But in concrete terms
- What does “clustering” mean?
- In which contexts can it be used?
- What are its advantages and limitations?
- How can you set up a successful data clustering strategy?
We talk about it in this mini-guide dedicated to this term
Chapter 1: What is clustering?
It is appropriate that we start our guide with a complete definition:
1.1. clustering – general definition
The term clustering is an anglicism that designates a statistical data analysis technique. It is used to organize a set of raw data into small homogeneous groups
Each resulting subset groups data that share common characteristics.
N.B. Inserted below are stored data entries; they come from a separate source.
(* For every graph $G$ on $m\ge 6$ vertices, $\lambda_3\ge d_6$, where $\lambda_3$ is the third largest eigenvalue of the Laplacian matrix $L(G)$ and $d_6$ is the sixth largest vertex degree of $G$.
   Context: All graphs are finite, simple, unweighted and undirected. $L(G)=D(G)-A(G)$ with $A(G)$ the adjacency matrix and $D(G)$ the diagonal matrix of degrees. Laplacian eigenvalues $\lambda_1\ge\lambda_2\ge\cdots$ and degrees $d_1\ge d_2\ge\cdots$ are listed in nonincreasing order with multiplicity. *)

From HB Require Import structures.
From mathcomp Require Import all_boot all_order all_algebra.
Set Implicit Arguments. Unset Strict Implicit. Unset Printing Implicit Defensive.
Import Order.TTheory GRing.Theory Num.Theory.

Definition simple_graph (m : nat) (e : rel 'I_m) : Prop :=
  (forall i j, e i j = e j i) /\ (forall i, e i i = false).

Definition deg (m : nat) (e : rel 'I_m) (i : 'I_m) : nat := #|[set j | e i j]|.

Definition degree_seq (m : nat) (e : rel 'I_m) : seq nat :=
  sort geq [seq deg e i | i <- enum 'I_m].

Local Open Scope ring_scope.

Definition laplacian (R : pzRingType) (m : nat) (e : rel 'I_m) : 'M[R]_m :=
  \matrix_(i, j) ((if i == j then (deg e i)%:R else 0) - (e i j)%:R).

Definition laplacian_spectrum (R : rcfType) (m : nat) (e : rel 'I_m)
  (lam : seq R) : Prop :=
  [/\ size lam = m,
      sorted (fun x y => y <= x) lam &
      char_poly (laplacian R e) = \prod_(x <- lam) ('X - x%:P)].

(* Let d be the sixth largest degree and suppose lambda_3 < d.
   - Six distinct vertices have degree at least d (top_degree_vertices).
   - Encode a "test vector" by a pair (a, b) of vertices: e_a if a = b, and
     e_a - e_b otherwise.  A finite computation over all 2^15 graphs on six
     vertices (six_vertex_certificate) yields, on the six chosen vertices,
     three test vectors that are pairwise orthogonal for the adjacency form
     and linearly independent (pivot_rank).
   - On their span the form of L - d is nonnegative (test_form_nonneg): the
     degree part is nonnegative and the adjacency part is diagonal, with
     entries 0 or -2 A_ab.
   - By the easy half of Courant-Fischer (hermitian_eigen_count), at most
     m - 3 eigenvalues of L are then below d, whereas lambda_3 < d puts
     m - 2 of them below d (laplacian_eigen_count).
   The spectral theorem is used over R[i], where the Laplacian is Hermitian. *)

From HB Require Import structures.
From mathcomp Require Import all_boot all_order all_algebra.
From mathcomp Require Import zify ring.
From mathcomp.real_closed Require Import complex.
Import Order.TTheory GRing.Theory Num.Theory.
Set Implicit Arguments. Unset Strict Implicit. Unset Printing Implicit Defensive.

Lemma card_set_count (T : finType) (P : pred T) : #|[set u | P u]| = count P (enum T).
Proof.
rewrite cardsE cardE /enum_mem size_filter count_filter.
by apply: eq_count => x; rewrite !inE andbT.
Qed.

Lemma top_degree_vertices (m : nat) (e : rel 'I_m) (k : nat) : k < m ->
  exists f : 'I_k.+1 -> 'I_m,
    injective f /\ forall i, nth 0 (degree_seq e) k <= deg e (f i).
Proof.
move=> lt_km; set ds := degree_seq e; set T := [set u | nth 0 ds k <= deg e u].
have size_ds : size ds = m by rewrite size_sort size_map size_enum_ord.
have ds_sorted : sorted geq ds by apply: sort_sorted => x y; exact: leq_total.
have card_T : k.+1 <= #|T|.
  rewrite card_set_count -count_map.
  have -> : count (leq (nth 0 ds k)) [seq deg e u | u <- enum 'I_m] =
            count (leq (nth 0 ds k)) ds by apply/permP; rewrite perm_sym perm_sort.
  rewrite -[X in count _ X](cat_take_drop k.+1) count_cat; apply: leq_trans (leq_addr _ _).
  have size_take : size (take k.+1 ds) = k.+1 by rewrite size_takel // size_ds.
  suff -> : count (leq (nth 0 ds k)) (take k.+1 ds) = k.+1 by [].
  apply/eqP; rewrite -{2}size_take -all_count; apply/(all_nthP 0) => i; rewrite size_take => lt_ik.
  have geq_trans : transitive geq by move=> x y z /= le_yx le_zy; apply: leq_trans le_zy le_yx.
  rewrite nth_take //; apply: (sorted_leq_nth geq_trans leqnn 0 ds_sorted) => //.
  - by rewrite inE size_ds; apply: leq_trans lt_ik _.
  - by rewrite inE size_ds.
exists (fun i => enum_val (widen_ord card_T i)); split.
  by move=> i j /enum_val_inj [] /val_inj.
by move=> i; have := enum_valP (widen_ord card_T i); rewrite inE.
Qed.

(* A test vector is encoded by a pair (a, b) of vertices: it is the unit
   vector e_a when a = b, and e_a - e_b otherwise.  For such vectors w_p, w_q
   and an adjacency relation [adj], the entry w_p A w_q^T of the adjacency
   form is the difference gram_pos - gram_neg of two natural numbers. *)
Section TestPairs.
Variables (T : eqType) (adj : rel T).

Definition in_support (p : T * T) (u : T) : bool :=
  (u == p.1) || ((p.1 != p.2) && (u == p.2)).

Definition gram_pos (p q : T * T) : nat :=
  adj p.1 q.1 + [&& p.1 != p.2, q.1 != q.2 & adj p.2 q.2].

Definition gram_neg (p q : T * T) : nat :=
  ((q.1 != q.2) && adj p.1 q.2) + ((p.1 != p.2) && adj p.2 q.1).

Lemma gram_pos_diag (p : T * T) : irreflexive adj -> gram_pos p p = 0.
Proof. by move=> irr; rewrite /gram_pos !irr !andbF. Qed.

Lemma gram_pos_sym (p q : T * T) : symmetric adj -> gram_pos p q = gram_pos q p.
Proof. by move=> sym; rewrite /gram_pos (sym q.1) (sym q.2) andbCA. Qed.

Lemma gram_neg_sym (p q : T * T) : symmetric adj -> gram_neg p q = gram_neg q p.
Proof. by move=> sym; rewrite /gram_neg (sym q.1) (sym q.2) addnC. Qed.

End TestPairs.

Lemma eq_gram_pos (T : eqType) (adj adj' : rel T) :
  adj =2 adj' -> gram_pos adj =2 gram_pos adj'.
Proof. by move=> E p q; rewrite /gram_pos !E. Qed.

Lemma eq_gram_neg (T : eqType) (adj adj' : rel T) :
  adj =2 adj' -> gram_neg adj =2 gram_neg adj'.
Proof. by move=> E p q; rewrite /gram_neg !E. Qed.

Definition pair_map (T U : Type) (h : T -> U) (p : T * T) : U * U := (h p.1, h p.2).

Section TransportPairs.
Variables (T U : eqType) (h : T -> U) (adj : rel U).
Hypothesis h_inj : injective h.

Lemma in_support_map p u : in_support (pair_map h p) (h u) = in_support p u.
Proof. by rewrite /in_support /= !(inj_eq h_inj). Qed.

Lemma gram_pos_map p q :
  gram_pos adj (pair_map h p) (pair_map h q) = gram_pos (relpre h adj) p q.
Proof. by rewrite /gram_pos /= !(inj_eq h_inj). Qed.

Lemma gram_neg_map p q :
  gram_neg adj (pair_map h p) (pair_map h q) = gram_neg (relpre h adj) p q.
Proof. by rewrite /gram_neg /= !(inj_eq h_inj). Qed.

End TransportPairs.

(* A computation on the 2^15 graphs with vertex set {0,...,5}, encoded by the
   bits of their 15 possible edges, shows that each of them admits three test
   pairs taken from a fixed list of [candidates] which are pairwise orthogonal
   for its adjacency form and linearly independent, the latter being certified
   by triangular pivots. *)
Definition edges6 : seq (nat * nat) :=
  [:: (0, 1); (0, 2); (0, 3); (0, 4); (0, 5); (1, 2); (1, 3); (1, 4); (1, 5);
      (2, 3); (2, 4); (2, 5); (3, 4); (3, 5); (4, 5)].

Lemma edges6E :
  edges6 = [seq ij : nat * nat <- [seq (i, j) | i <- iota 0 6, j <- iota 0 6] | ij.1 < ij.2].
Proof. by []. Qed.

(* The position of the pair (x, y) in [edges6]; it is 15 if x < y < 6 fails. *)
Definition edge_index (x y : nat) : nat :=
  find (fun ij : nat * nat => (ij.1 == x) && (ij.2 == y)) edges6.

Definition graph_of_bits (bs : seq bool) : rel nat := fun x y =>
  nth false bs (edge_index (minn x y) (maxn x y)).

Definition bits_of_graph (g : rel nat) : seq bool := [seq g ij.1 ij.2 | ij <- edges6].

Lemma mem_edges6 x y : ((x, y) \in edges6) = (x < y < 6).
Proof.
rewrite edges6E mem_filter; apply/andP/andP => [[lt_xy /allpairsP [[i j] []]] | [lt_xy lt_y6]].
  by rewrite !mem_iota /= => _ lt_j6 [_ eq_yj]; rewrite eq_yj in lt_xy *.
by split=> //; apply: allpairs_f; rewrite mem_iota // (ltn_trans lt_xy lt_y6).
Qed.

Lemma edge_indexE x y : edge_index x y = index (x, y) edges6.
Proof. by apply: eq_find => -[a b]; rewrite /= xpair_eqE. Qed.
Generally, clustering is possible thanks to algorithms that rely on proximity criteria to distribute the data
For a balanced distribution of these data, the algorithms will notably
- Focus on the inertia between the subsets ;
- And minimize the inertia within the subsets
Also known as “data clustering” or “data partitioning”, clustering can be used to prioritize or group data into multiple areas.
1.2. Clustering in computer science
In computing, there are essentially two cases of use of this strategy
- Clustering as a server cluster;
- Clustering for data storage on a personal computer (PC)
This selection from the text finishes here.